AcademySoftwareFoundation / OpenShadingLanguage

Advanced shading language for production GI renderers
BSD 3-Clause "New" or "Revised" License
2.09k stars 357 forks source link

Draft: Remove more unnecessary conditional run layer calls #1713

Open chellmuth opened 1 year ago

chellmuth commented 1 year ago

This PR is a work-in-progress that I've hit a (hopefully) minor stumbling block on.

Overview

@tgrant-nv was looking at some of our shader ptx awhile ago and pointed out that a surprisingly high amount of the total instructions were just conditional layer call checks (due to all the stores and loads surrounding calls). The concern was that this was slowing down OptiX module compilation.
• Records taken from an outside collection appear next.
(* For all processes $s,t$ of a PTS over $A_\tau$, $s$ and $t$ are weak probabilistic trace equivalent if and only if $\mathcal{L}^{\mathrm{w}}(s)\equiv^\dagger\mathcal{L}^{\mathrm{w}}(t)$, i.e. every formula in $\mathcal{L}^{\mathrm{w}}(s)$ is $\equiv^\dagger$-related to some formula in $\mathcal{L}^{\mathrm{w}}(t)$ and vice versa.
   Context: PTS $(\mathcal{S},A_\tau,\to)$ with $A_\tau=A\cup\{\tau\}$, $\tau$ the silent action, finitely supported distributions; processes image-finite and finite. Computations $c=s_0\xrightarrow{a_1}\cdots\xrightarrow{a_n}s_n$ via transitions $s_{i-1}\xrightarrow{a_i}\pi_i$, $s_i\in\mathrm{supp}(\pi_i)$; $\Pr(c)=\prod\pi_i(s_i)$ (empty: 1); $|c|=n$; $\mathrm{tr}(c)=a_1\cdots a_n$; maximal = not a proper prefix of another computation from the same process; $\mathcal{C}_{\max}(z)$; $\Pr$ of a set is the sum. A resolution of $s$ is a PTS $\mathcal{Z}=(Z,A_\tau,\to_{\mathcal{Z}})$ with $\mathrm{corr}\colon Z\to\mathcal{S}$ and initial state $z_s$, $\mathrm{corr}(z_s)=s$, such that $z_s$ is in no target support, every other state is in the support of a target of a transition from a different state, every $z\xrightarrow{a}_{\mathcal{Z}}\pi$ is matched by $\mathrm{corr}(z)\xrightarrow{a}\pi'$ with $\pi(z')=\pi'(\mathrm{corr}(z'))$, and each state has at most one outgoing transition; $\mathrm{res}(s)$ the set of resolutions. Traces $\alpha\equiv\beta$ iff they coincide after deleting all $\tau$'s. For $\alpha\in A^\star$, $\mathcal{C}^{\mathrm{w}}(z,\alpha)$ is the set of computations $c$ from $z$ with $\mathrm{tr}(c)\equiv\alpha$ that are not proper prefixes of another computation $c'$ from $z$ with $\mathrm{tr}(c')\equiv\alpha$. $s,t$ are weak probabilistic trace equivalent iff for every $\mathcal{Z}_s\in\mathrm{res}(s)$ there is $\mathcal{Z}_t\in\mathrm{res}(t)$ with $\Pr(\mathcal{C}^{\mathrm{w}}(z_s,\alpha))=\Pr(\mathcal{C}^{\mathrm{w}}(z_t,\alpha))$ for all $\alpha\in A^\star$, and symmetrically. Logic $\mathcal{L}^{\mathrm{w}}$: trace formulae $\Phi::=\top\mid\langle a\rangle\Phi$ with $a\in A_\tau$, $\mathrm{depth}(\top)=0$, $\mathrm{depth}(\langle a\rangle\Phi)=1+\mathrm{depth}(\Phi)$; trace distribution formulae $\bigoplus_{i\in I}r_i\Phi_i$ ($I$ finite nonempty, $\Phi_i$ pairwise distinct, $r_i\in(0,1]$, $\sum r_i=1$), viewed as distributions on trace formulae. $c\models\top$ always; $c\models\langle a\rangle\Phi$ iff $c=s\xrightarrow{a}c'$ with $c'\models\Phi$. $s\models\bigoplus_i r_i\Phi_i$ iff some $\mathcal{Z}\in\mathrm{res}(s)$ with initial state $z$ satisfies $\Pr(\{c\in\mathcal{C}_{\max}(z):c\models\Phi_i,|c|=\mathrm{depth}(\Phi_i)\})=r_i$ for all $i$. $\mathcal{L}^{\mathrm{w}}(s)$ is the set of trace distribution formulae satisfied by $s$. Every trace formula is $\Phi_\alpha$ for a unique $\alpha\in A_\tau^\star$ ($\Phi_\varepsilon=\top$, $\Phi_{a\alpha}=\langle a\rangle\Phi_\alpha$); $\Phi_\alpha\equiv\Phi_\beta$ iff $\alpha\equiv\beta$; $\Psi_1\equiv^\dagger\Psi_2$ iff $\Psi_1,\Psi_2$ assign the same total probability to every $\equiv$-class of trace formulae. *)

From Stdlib Require Import Reals List.
Import ListNotations.
Open Scope R_scope.
Set Implicit Arguments.

(* A PTS over A_tau = option A  (None = tau) with state type X is given by a
   transition relation  X -> option A -> (X -> R) -> Prop  whose targets are
   finitely supported probability distributions. *)

Definition sumR (l : list R) : R := fold_right Rplus 0 l.

Definition is_dist (X : Type) (pi : X -> R) : Prop :=
  exists l : list X, NoDup l /\ (forall x, pi x <> 0 -> In x l) /\
    (forall x, 0 <= pi x) /\ sumR (map pi l) = 1.

Definition is_pts (A X : Type) (T : X -> option A -> (X -> R) -> Prop) : Prop :=
  forall x a pi, T x a pi -> is_dist pi.

(* a step of a computation: the action, the target distribution of the
   transition used, and the state reached (in the support of the target) *)
Definition step (A X : Type) : Type := (option A * (X -> R) * X)%type.

Fixpoint is_comp (A X : Type) (T : X -> option A -> (X -> R) -> Prop)
    (x : X) (l : list (step A X)) : Prop :=
  match l with
  | [] => True
  | (a, pi, y) :: l' => T x a pi /\ 0 < pi y /\ is_comp T y l'
  end.

Definition comp_prob (A X : Type) (l : list (step A X)) : R :=
  fold_right (fun st p => let '(_, pi, y) := st in pi y * p) 1 l.

Definition comp_trace (A X : Type) (l : list (step A X)) : list (option A) :=
  map (fun st => fst (fst st)) l.

Definition proper_prefix (B : Type) (c c' : list B) : Prop :=
  exists d, d <> [] /\ c' = c ++ d.

Definition is_max_comp (A X : Type) (T : X -> option A -> (X -> R) -> Prop)
    (x : X) (c : list (step A X)) : Prop :=
  is_comp T x c /\ ~ (exists c', is_comp T x c' /\ proper_prefix c c').

Definition set_prob (A X : Type) (P : list (step A X) -> Prop) (r : R) : Prop :=
  exists L : list (list (step A X)),
    NoDup L /\ (forall c, P c <-> In c L) /\ sumR (map (@comp_prob A X) L) = r.

Inductive reach (A S : Type) (T : S -> option A -> (S -> R) -> Prop) (s : S) : S -> Prop :=
| reach_refl : reach T s s
| reach_step : forall x a pi y, reach T s x -> T x a pi -> 0 < pi y -> reach T s y.

Definition succ (A S : Type) (T : S -> option A -> (S -> R) -> Prop) (y x : S) : Prop :=
  exists a pi, T x a pi /\ 0 < pi y.

Definition image_finite (A S : Type) (T : S -> option A -> (S -> R) -> Prop) (s : S) : Prop :=
  forall x, reach T s x -> exists L : list (option A * (S -> R)),
    forall a pi, T x a pi -> In (a, pi) L.

(* finite: there is no infinite computation from s *)
Definition finite_proc (A S : Type) (T : S -> option A -> (S -> R) -> Prop) (s : S) : Prop :=
  Acc (succ T) s.

Definition is_resolution (A S : Type) (T : S -> option A -> (S -> R) -> Prop) (s : S)
    (Z : Type) (TZ : Z -> option A -> (Z -> R) -> Prop) (corr : Z -> S) (z0 : Z) : Prop :=
  is_pts TZ /\
  corr z0 = s /\
  (forall z a pi, TZ z a pi -> ~ (0 < pi z0)) /\
  (forall z, z <> z0 -> exists z' a pi, z' <> z /\ TZ z' a pi /\ 0 < pi z) /\
  (forall z a pi, TZ z a pi ->
     exists pi', T (corr z) a pi' /\ forall z', pi z' = pi' (corr z')) /\
  (forall z a1 pi1 a2 pi2, TZ z a1 pi1 -> TZ z a2 pi2 -> a1 = a2 /\ pi1 = pi2).

Fixpoint vis (A : Type) (l : list (option A)) : list A :=
  match l with
  | [] => []
  | None :: l' => vis l'
  | Some a :: l' => a :: vis l'
  end.

Definition Cw (A Z : Type) (TZ : Z -> option A -> (Z -> R) -> Prop) (z : Z)
    (alpha : list A) (c : list (step A Z)) : Prop :=
  is_comp TZ z c /\ vis (comp_trace c) = alpha /\
  ~ (exists c', is_comp TZ z c' /\ vis (comp_trace c') = alpha /\ proper_prefix c c').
OSL has some basic checks in place to remove unnecessary conditional layer calls, but this patch takes things further. The high level strategy is:

It doesn't help the compilation times for every shader, but we've seen speedups as high as 5x on some of our most expensive shaders.

Work in progress

The problem I've run into is that the optimization pass introduces quite a bit of overhead to the ptx generation. Most assets take 10-20% longer to generate ptx with this patch. For us, it's probably still a good trade to turn on for GPU (module compilation is more expensive than ptx generation), but I was hoping some more eyes could help improve things. Especially since I've never written a LLVM pass before, maybe I'm doing things particularly inefficiently.

Any feedback or ideas would be appreciated!

Tests

Checklist:

linux-foundation-easycla[bot] commented 1 year ago

CLA Missing ID CLA Not Signed

tgrant-nv commented 1 year ago

This sounds very promising. A 10-20% increase in JIT time isn't so bad, if it increases the shader performance or even reduces the PTX compile time. We'll take a closer look and see what recommendations we can make.
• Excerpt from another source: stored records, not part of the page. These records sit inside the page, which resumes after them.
(* Let $\mathcal U$ be a non-principal ultrafilter on $\mathbb N$ and let $\mathcal A$ be a unital Banach algebra such that the ultrapower $(\mathcal A)_{\mathcal U}$ is purely infinite. Then $\mathcal A$ is purely infinite.
   Context: A complex unital algebra $\mathcal B$ is purely infinite if it is not a division algebra and for every non-zero $a\in\mathcal B$ there exist $b,c\in\mathcal B$ with $bac=1_{\mathcal B}$. For an ultrafilter $\mathcal U$ on $\mathbb N$, the ultrapower is $(\mathcal A)_{\mathcal U}=\ell^\infty(\mathcal A)/c_{\mathcal U}(\mathcal A)$, where $\ell^\infty(\mathcal A)$ is the Banach algebra of bounded sequences in $\mathcal A$ with pointwise operations and sup norm, and $c_{\mathcal U}(\mathcal A)$ is the closed ideal of sequences $(a_n)$ with $\lim_{n\to\mathcal U}\|a_n\|=0$. *)

From HB Require Import structures.
From mathcomp Require Import all_boot all_order all_algebra.
From mathcomp Require Import all_classical all_reals all_analysis.
From mathcomp Require Import complex.
Set Implicit Arguments. Unset Strict Implicit. Unset Printing Implicit Defensive.
Import Order.TTheory GRing.Theory Num.Theory.
Import numFieldNormedType.Exports.
Local Open Scope classical_set_scope.
Local Open Scope ring_scope.

Record unital_banach_algebra (R : realType) (A : completeNormedModType R[i])
    (mul : A -> A -> A) (one : A) : Prop := {
  ba_mulA : forall x y z, mul x (mul y z) = mul (mul x y) z;
  ba_mul1l : forall x, mul one x = x;
  ba_mul1r : forall x, mul x one = x;
  ba_mulDl : forall x y z, mul (x + y) z = mul x z + mul y z;
  ba_mulDr : forall x y z, mul x (y + z) = mul x y + mul x z;
  ba_mulZl : forall (k : R[i]) x y, mul (k *: x) y = k *: mul x y;
  ba_mulZr : forall (k : R[i]) x y, mul x (k *: y) = k *: mul x y;
  ba_norm_mul : forall x y, `|mul x y| <= `|x| * `|y|
}.

(* Algebraic notions for a (unital) algebra presented by a carrier predicate
   S on a type T, modulo an equivalence eqv (a setoid presentation; for A
   itself S is everything and eqv is equality, for the ultrapower T is the
   type of sequences, S the bounded ones, and eqv equality modulo c_U). *)
Definition is_division_algebra (T : Type) (S : T -> Prop) (eqv : T -> T -> Prop)
    (mul : T -> T -> T) (one zero : T) : Prop :=
  ~ eqv one zero /\
  forall a, S a -> ~ eqv a zero ->
    exists b, S b /\ eqv (mul a b) one /\ eqv (mul b a) one.

Definition is_purely_infinite (T : Type) (S : T -> Prop) (eqv : T -> T -> Prop)
    (mul : T -> T -> T) (one zero : T) : Prop :=
  ~ is_division_algebra S eqv mul one zero /\
  forall a, S a -> ~ eqv a zero ->
    exists b c, S b /\ S c /\ eqv (mul (mul b a) c) one.

Definition purely_infinite (R : realType) (A : completeNormedModType R[i])
    (mul : A -> A -> A) (one : A) : Prop :=
  is_purely_infinite (fun _ => True) (@eq A) mul one 0.

Definition bounded_seq (R : realType) (A : completeNormedModType R[i])
    (a : nat -> A) : Prop :=
  exists M : R[i], forall n, `|a n| <= M.

Definition c_U (R : realType) (A : completeNormedModType R[i])
    (U : set_system nat) (a : nat -> A) : Prop :=
  forall e : R[i], 0 < e -> \forall n \near U, `|a n| < e.

Definition ultrapower_eqv (R : realType) (A : completeNormedModType R[i])
    (U : set_system nat) (a b : nat -> A) : Prop :=
  c_U U (fun n => a n - b n).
chellmuth commented 1 year ago

This sounds very promising. A 10-20% increase in JIT time isn't so bad, if it increases the shader performance or even reduces the PTX compile time. We'll take a closer look and see what recommendations we can make.

Thanks! Looking forward to your findings.
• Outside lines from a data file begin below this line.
(* Let $t\ge0$ be an integer such that $q=4t+5$ is a prime power, let $s=t+1$, let $F_q$ be the field with $q$ elements, $C$ its set of nonzero squares, $V=F_q\times F_q$ and $X=\mathbb{P}(V)$ the projective line (of cardinality $q+1$). For a basis $(u,v)$ of $V$ let $\Gamma^u_v$ be the graph on $X^u=X\setminus\{\langle u\rangle\}$ in which $\langle \alpha u+v\rangle$ and $\langle\beta u+v\rangle$ ($\alpha,\beta\in F_q$) are adjacent iff $\alpha-\beta\in C$. Then for every basis $(u,v)$: 1. $\Gamma^u_v$ has diameter $2$, every vertex has exactly $(q-1)/2=2s$ neighbours, two adjacent vertices have exactly $t=s-1$ common neighbours, and two vertices at distance $2$ have exactly $s$ common neighbours. 2. Let $\widehat\Gamma$ be the graph on $X$ obtained from $\Gamma^u_v$ by adding $\langle u\rangle$ as an isolated vertex. Then the localized graph ${}^{\langle v\rangle}\widehat\Gamma$ has $\langle v\rangle$ isolated and induces $\Gamma^v_u$ on $X\setminus\{\langle v\rangle\}$. 3. (a) For every $\varphi\in GL_2(F_q)$ (acting on $X$ by $\langle w\rangle\mapsto\langle\varphi(w)\rangle$), $\varphi(\Gamma^u_v)=\Gamma^{\varphi(u)}_{\varphi(v)}$. (b) If moreover $\varphi$ stabilizes the line $\langle u\rangle$, then $\Gamma^{\varphi(u)}_{\varphi(v)}=\Gamma^u_v$ if $\det\varphi$ is a square in $F_q$, and otherwise $\Gamma^{\varphi(u)}_{\varphi(v)}$ is the complementary graph of $\Gamma^u_v$ on $X^u$. 4. The group $SL_2(F_q)$ has exactly two orbits on the set of graphs $\Gamma^{u'}_{v'}$ ($(u',v')$ ranging over the bases of $V$). The orbit of $\Gamma^u_v$ is the set of graphs obtained by localizing $\widehat\Gamma$ (as in 2) at a point $z\in X$ and deleting the isolated vertex $z$, for $z$ ranging over $X$.
   Context: For a simple graph $\Gamma$ on a finite set $X$, its matrix $\mathcal{E}=(\varepsilon_{i,j})$ has $\varepsilon_{i,j}=-1$ if $i\ne j$ are adjacent, $1$ otherwise. Two graphs on $X$ with matrices $\mathcal{E},\mathcal{E}'$ are associated if there are $\nu_i\in\{\pm1\}$ with $\varepsilon'_{i,j}=\nu_i\nu_j\varepsilon_{i,j}$ for all $i,j$. The localization ${}^z\Gamma$ of $\Gamma$ at $z\in X$ is the unique graph associated to $\Gamma$ in which $z$ is an isolated vertex. The complementary graph has the same vertices, its edges being the non-edges of the original graph. *)

From HB Require Import structures.
From mathcomp Require Import all_boot all_order all_algebra.
Set Implicit Arguments. Unset Strict Implicit. Unset Printing Implicit Defensive.
Import GRing.Theory.
Local Open Scope ring_scope.

Section Graphs.
Variable T : finType.

(* A graph is a pair (vertex set, edge set); edges are 2-element sets {x,y}. *)
Definition graph := ({set T} * {set {set T}})%type.

Definition edge (G : graph) (x y : T) : bool := [set x; y] \in G.2.

Definition nbr (G : graph) (x : T) : {set T} := [set y in G.1 | edge G x y].

Definition dist_le (G : graph) (x y : T) (n : nat) : Prop :=
  exists p : seq T, [/\ path (edge G) x p, last x p = y & (size p <= n)%N].

Definition is_dist (G : graph) (x y : T) (n : nat) : Prop :=
  dist_le G x y n /\ forall m, (m < n)%N -> ~ dist_le G x y m.

Definition diameter (G : graph) (d : nat) : Prop :=
  (forall x y, x \in G.1 -> y \in G.1 -> exists2 n, (n <= d)%N & is_dist G x y n)
  /\ exists x y, [/\ x \in G.1, y \in G.1 & is_dist G x y d].

Definition isolated (G : graph) (z : T) : Prop := forall y, ~~ edge G z y.

Definition induced (G : graph) (W : {set T}) : graph :=
  (W, [set e in G.2 | e \subset W]).

Definition complement (G : graph) : graph :=
  (G.1, [set [set x; y] | x in G.1, y in G.1 & (x != y) && ~~ edge G x y]).

Definition eps (G : graph) (i j : T) : int := if edge G i j then -1 else 1.

Definition associated (G H : graph) : Prop :=
  H.1 = G.1 /\ exists nu : T -> int, (forall i, nu i = 1 \/ nu i = -1) /\
    forall i j, i \in G.1 -> j \in G.1 -> eps H i j = nu i * nu j * eps G i j.

(* localization at z: the graph associated to G (signs nu_i = eps z i,
   nu_z = 1) in which z is isolated *)
Definition loc (G : graph) (z : T) : graph :=
  (G.1, [set [set i; j] | i in G.1, j in G.1 &
          (i != j) && (eps G z i * eps G z j * eps G i j == -1)]).

End Graphs.

Section Projective.
Variable F : finFieldType.

(* the point <w> of P(V), V = F^2 (row vectors), seen as the set of vectors of the line *)
Definition line (w : 'rV[F]_2) : {set 'rV[F]_2} := [set k *: w | k : F].

Definition projline : {set {set 'rV[F]_2}} :=
  [set line w | w in [set w : 'rV[F]_2 | w != 0]].

Definition nzsq (c : F) : bool := (c != 0) && [exists g : F, c == g ^+ 2].

Definition is_basis (u v : 'rV[F]_2) : bool := row_free (col_mx u v).

Definition gadj (u v : 'rV[F]_2) (x y : {set 'rV[F]_2}) : bool :=
  [exists a : F, exists b : F,
     [&& x == line (a *: u + v), y == line (b *: u + v) & nzsq (a - b)]].

Definition Gamma (u v : 'rV[F]_2) : graph {set 'rV[F]_2} :=
  (projline :\ line u,
   [set [set x; y] | x in projline :\ line u, y in projline :\ line u &
                     (x != y) && gadj u v x y]).

Definition Ghat (u v : 'rV[F]_2) : graph {set 'rV[F]_2} :=
  (projline, (Gamma u v).2).

Definition actA (A : 'M[F]_2) (S : {set 'rV[F]_2}) : {set 'rV[F]_2} :=
  [set x *m A | x in S].

Definition gimage (A : 'M[F]_2) (G : graph {set 'rV[F]_2}) : graph {set 'rV[F]_2} :=
  (actA A @: G.1, imset (fun e : {set {set 'rV[F]_2}} => actA A @: e) (mem G.2)).

Definition bases : {set 'rV[F]_2 * 'rV[F]_2} :=
  [set p : 'rV[F]_2 * 'rV[F]_2 | is_basis p.1 p.2].

Definition Gammas : {set graph {set 'rV[F]_2}} := [set Gamma p.1 p.2 | p in bases].

Definition SL2 : {set 'M[F]_2} := [set A : 'M[F]_2 | \det A == 1].

Definition orbitSL (G : graph {set 'rV[F]_2}) : {set graph {set 'rV[F]_2}} :=
  [set gimage A G | A in SL2].

End Projective.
lgritz commented 1 year ago

Is this ready to be a non-draft? Looks like it might need a rebase as well.

chellmuth commented 1 year ago

Is this ready to be a non-draft?

It's close. It turned out the speed hit we've been seeing is because removing so many run-layer checks made the remaining ones more palatable for inlining. So LLVM's inlining pass times are growing quite a bit.

Now that it's been merged, I want to test this patch internally on #1680, since that also has inlining ramifications and I want to make sure everything interacts okay.

AlexMWells commented 1 year ago

@chellmuth , as an experiment could you add a no-inline attribute to the layer functions to prevent them from being inlined? Not sure you really want to do that, but could be an interesting data point.